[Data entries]
= = =

(* Let $(X,d)$ be a metric space, let $x_0\in X$ and $r\ge 0$, and let $C_{x_0,r}=\{x\in X: d(x_0,x)=r\}$. Define $\varphi:X\to[0,\infty)$ by $\varphi(x)=d(x,x_0)$ for all $x\in X$. If there exist a self-mapping $T:X\to X$ and some $h\in[0,1)$ such that (C1)** $d(x,Tx)\le \varphi(x)-\varphi(Tx)$ and (C2)** $h\,d(x,Tx)+d(Tx,x_0)\ge r$ for each $x\in C_{x_0,r}$, then $C_{x_0,r}$ is a fixed circle of $T$, i.e. $Tx=x$ for every $x\in C_{x_0,r}$.
   Context: For a metric space $(X,d)$, the circle with center $x_0\in X$ and radius $r$ is $C_{x_0,r}=\{x\in X: d(x_0,x)=r\}$. For a self-mapping $T:X\to X$, the circle $C_{x_0,r}$ is called a fixed circle of $T$ if $Tx=x$ for every $x\in C_{x_0,r}$. *)

From Stdlib Require Import Reals.
Open Scope R_scope.

Definition is_metric {X : Type} (d : X -> X -> R) : Prop :=
  (forall x y, 0 <= d x y) /\
  (forall x y, d x y = 0 <-> x = y) /\
  (forall x y, d x y = d y x) /\
  (forall x y z, d x z <= d x y + d y z).

Definition circle {X : Type} (d : X -> X -> R) (x0 : X) (r : R) : X -> Prop :=
  fun x => d x0 x = r.

Definition fixed_circle {X : Type} (d : X -> X -> R) (x0 : X) (r : R)
  (T : X -> X) : Prop :=
  forall x, circle d x0 r x -> T x = x.

From Stdlib Require Import Reals Lra Psatz.
Open Scope R_scope.

Lemma Rle_contraction_eq_0 (a h : R) : 0 <= a -> h < 1 -> a <= h * a -> a = 0.
Proof. intros Ha Hh Hle. nra. Qed.

Theorem theorem2p15 (X : Type) (d : X -> X -> R) (hd : is_metric d)
  (x0 : X) (r : R) (hr : 0 <= r) (T : X -> X) (h : R)
  (hh0 : 0 <= h) (hh1 : h < 1) :
  let phi := fun x => d x x0 in
  (forall x, circle d x0 r x ->
     d x (T x) <= phi x - phi (T x) /\
     h * d x (T x) + d (T x) x0 >= r) ->
  fixed_circle d x0 r T.
Proof.
  intros phi HT x Hx.
  destruct hd as [Hpos [Hzero [Hsym _]]].
  destruct (HT x Hx) as [HC1 HC2].
  unfold phi, circle in *.
  (* On the circle phi x = r, so (C1) and (C2) chain into
     d(x,Tx) <= r - d(Tx,x0) <= h d(x,Tx). *)
  assert (Hshrink : d x (T x) <= h * d x (T x)).
  { rewrite Hsym in Hx. lra. }
  symmetry. apply Hzero.
  exact (Rle_contraction_eq_0 _ _ (Hpos x (T x)) hh1 Hshrink).
Qed.
(* Let $(\mathcal{X},d)$ be a Polish space and let $c:\mathcal{X}\times\mathcal{X}\to\mathbb{R}^+$ be of the form $c(x,y)=\phi(d(x,y))$, where $\phi:\mathbb{R}^+\to\mathbb{R}^+$ is convex, $\phi(0)=0$, $\phi(x)>0$ for $x>0$, and $\sup_{x>0}\phi(2x)/\phi(x)<\infty$. Define $p_o=\sup_{x>0}x\phi'(x)/\phi(x)$, where $\phi'$ is the right derivative of $\phi$. Then $1\le p_o<\infty$, and $\tilde d(x,y)=c^{1/p_o}(x,y)$ is a distance on $\mathcal{X}$ inducing the same topology as $d$. *)

From Stdlib Require Import Reals Lra.
From Coquelicot Require Import Coquelicot.
Open Scope R_scope.

Definition is_metric {X : Type} (d : X -> X -> R) : Prop :=
  (forall x y, 0 <= d x y) /\
  (forall x y, d x y = 0 <-> x = y) /\
  (forall x y, d x y = d y x) /\
  (forall x y z, d x z <= d x y + d y z).

Definition d_cauchy {X : Type} (d : X -> X -> R) (u : nat -> X) : Prop :=
  forall eps, 0 < eps -> exists N, forall m n, (N <= m)%nat -> (N <= n)%nat ->
    d (u m) (u n) < eps.

Definition d_converges {X : Type} (d : X -> X -> R) (u : nat -> X) (l : X) : Prop :=
  forall eps, 0 < eps -> exists N, forall n, (N <= n)%nat -> d (u n) l < eps.

Definition d_complete {X : Type} (d : X -> X -> R) : Prop :=
  forall u, d_cauchy d u -> exists l, d_converges d u l.

Definition d_separable {X : Type} (d : X -> X -> R) : Prop :=
  exists u : nat -> X, forall x eps, 0 < eps -> exists n, d x (u n) < eps.

Definition polish_metric {X : Type} (d : X -> X -> R) : Prop :=
  is_metric d /\ d_complete d /\ d_separable d.

Definition d_open {X : Type} (d : X -> X -> R) (U : X -> Prop) : Prop :=
  forall x, U x -> exists eps, 0 < eps /\ forall y, d x y < eps -> U y.

Definition same_topology {X : Type} (d1 d2 : X -> X -> R) : Prop :=
  forall U : X -> Prop, d_open d1 U <-> d_open d2 U.

Definition convex_on_nonneg (phi : R -> R) : Prop :=
  forall x y t, 0 <= x -> 0 <= y -> 0 <= t <= 1 ->
    phi (t * x + (1 - t) * y) <= t * phi x + (1 - t) * phi y.

Definition is_right_deriv (phi : R -> R) (x D : R) : Prop :=
  filterlim (fun h => (phi (x + h) - phi x) / h) (at_right 0) (locally D).

Definition po_set (phi : R -> R) (r : R) : Prop :=
  exists x D, 0 < x /\ is_right_deriv phi x D /\ r = x * D / phi x.

(** a^b for a >= 0, with the convention 0^b = 0 (b > 0). *)
Definition rpow (a b : R) : R := if Rlt_dec 0 a then Rpower a b else 0.

From Stdlib Require Import Reals Lra Classical.
From Coquelicot Require Import Coquelicot.
Open Scope R_scope.

(* Convexity makes the difference quotients of phi monotone, so phi has a right
   derivative D(x) with phi(x)/x <= D(x) <= (phi(2x) - phi(x))/x; the doubling bound then
   puts x D(x)/phi(x) in [1, K - 1], so p_o exists and p_o >= 1.  Bounding the chord
   slope on [x, y] by D(y) <= p_o phi(y)/y gives ln phi(y) - ln phi(x) <= q (ln y - ln x)
   for every q > p_o when x <= y are close; chaining such steps and letting q decrease to
   p_o shows that phi(t)/t^p_o is nonincreasing.  Hence psi = phi^(1/p_o) has psi(t)/t
   nonincreasing, which makes psi subadditive; psi is also increasing, vanishes only at 0
   and is continuous there, so psi o d is a metric with the same open sets as d. *)

Definition slope (f : R -> R) (a b : R) : R := (f b - f a) / (b - a).

Lemma slope_shift (f : R -> R) x h : slope f x (x + h) = (f (x + h) - f x) / h.
Proof. unfold slope. replace (x + h - x) with h by ring. reflexivity. Qed.

Lemma ln_le_sub_1 x : 0 < x -> ln x <= x - 1.
Proof. intros Hx. pose proof (exp_ineq1_le (ln x)) as H. rewrite exp_ln in H; lra. Qed.

Lemma exp_le_compat a b : a <= b -> exp a <= exp b.
Proof.
  intros [Hlt | ->]; [left; apply exp_increasing; exact Hlt | right; reflexivity].
Qed.
Lemma per_le_fact B : (forall i j, `|B i j| <= 1) -> per B <= n`!%:R.
Proof.
move=> B1; apply: le_trans (ler_norm _) _; apply: le_trans (ler_norm_sum _ _ _) _.
rewrite -card_Sn -sumr_const; apply: ler_sum => s _; rewrite normr_prod.
by apply: prodr_ile1 => i _; rewrite normr_ge0 B1.
Qed.

Lemma per1 : per (1%:M : 'M[R]_n) = 1.
Proof.
rewrite /per (bigD1 1%g) //= [X in _ + X]big1 => [|s s1].
  by rewrite addr0 big1 // => i _; rewrite perm1 mxE eqxx.
have /existsP[i si] : [exists i, s i != i].
  apply: contraNT s1 => /existsPn fix_s; apply/eqP/permP => i.
  by rewrite perm1; apply/eqP/negPn/fix_s.
by rewrite (bigD1 i) //= mxE eq_sym (negbTE si) mul0r.
Qed.

Lemma per_const_mx (a : R) : per (const_mx a : 'M[R]_n) = n`!%:R * a ^+ n.
Proof.
rewrite /per (eq_bigr (fun=> a ^+ n)) ?sumr_const ?card_Sn ?mulr_natl // => s _.
by rewrite (eq_bigr (fun=> a)) ?prodr_const ?card_ord // => i _; rewrite mxE.
Qed.

Lemma per_le_U p B : (0 < p)%E -> rows_lp_unit p B -> per B <= U n p.
Proof.
move=> p0 B1; apply: ub_le_sup; last by exists B.
exists n`!%:R => _ [C /(rows_lp_unitE _ p0) C1 <-]; apply: per_le_fact => i j.
by rewrite -(C1 i) ler_lp_norm.
Qed.

Lemma U_eq_per p B0 : rows_lp_unit p B0 ->
  (forall B, rows_lp_unit p B -> per B <= per B0) -> U n p = per B0.
Proof.
move=> B01 B0_max; apply/eqP; rewrite eq_le; apply/andP; split.
  by apply: ge_sup; [exists (per B0), B0 | move=> _ [B B1 <-]; exact: B0_max].
by apply: ub_le_sup; [exists (per B0) => _ [B B1 <-]; exact: B0_max | exists B0].
Qed.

= = =

### [WHAT TO WORK ON]
Within the data above, the lines from the one with "phi (t * x +" to the one with "Definition slope (f" must be repeated exactly; no other line belongs in the answer.

### [EXERCISE SOLUTION]
    phi (t * x + (1 - t) * y) <= t * phi x + (1 - t) * phi y.

Definition is_right_deriv (phi : R -> R) (x D : R) : Prop :=
  filterlim (fun h => (phi (x + h) - phi x) / h) (at_right 0) (locally D).

Definition po_set (phi : R -> R) (r : R) : Prop :=
  exists x D, 0 < x /\ is_right_deriv phi x D /\ r = x * D / phi x.

(** a^b for a >= 0, with the convention 0^b = 0 (b > 0). *)
Definition rpow (a b : R) : R := if Rlt_dec 0 a then Rpower a b else 0.

From Stdlib Require Import Reals Lra Classical.
From Coquelicot Require Import Coquelicot.
Open Scope R_scope.

(* Convexity makes the difference quotients of phi monotone, so phi has a right
   derivative D(x) with phi(x)/x <= D(x) <= (phi(2x) - phi(x))/x; the doubling bound then
   puts x D(x)/phi(x) in [1, K - 1], so p_o exists and p_o >= 1.  Bounding the chord
   slope on [x, y] by D(y) <= p_o phi(y)/y gives ln phi(y) - ln phi(x) <= q (ln y - ln x)
   for every q > p_o when x <= y are close; chaining such steps and letting q decrease to
   p_o shows that phi(t)/t^p_o is nonincreasing.  Hence psi = phi^(1/p_o) has psi(t)/t
   nonincreasing, which makes psi subadditive; psi is also increasing, vanishes only at 0
   and is continuous there, so psi o d is a metric with the same open sets as d. *)

Definition slope (f : R -> R) (a b : R) : R := (f b - f a) / (b - a).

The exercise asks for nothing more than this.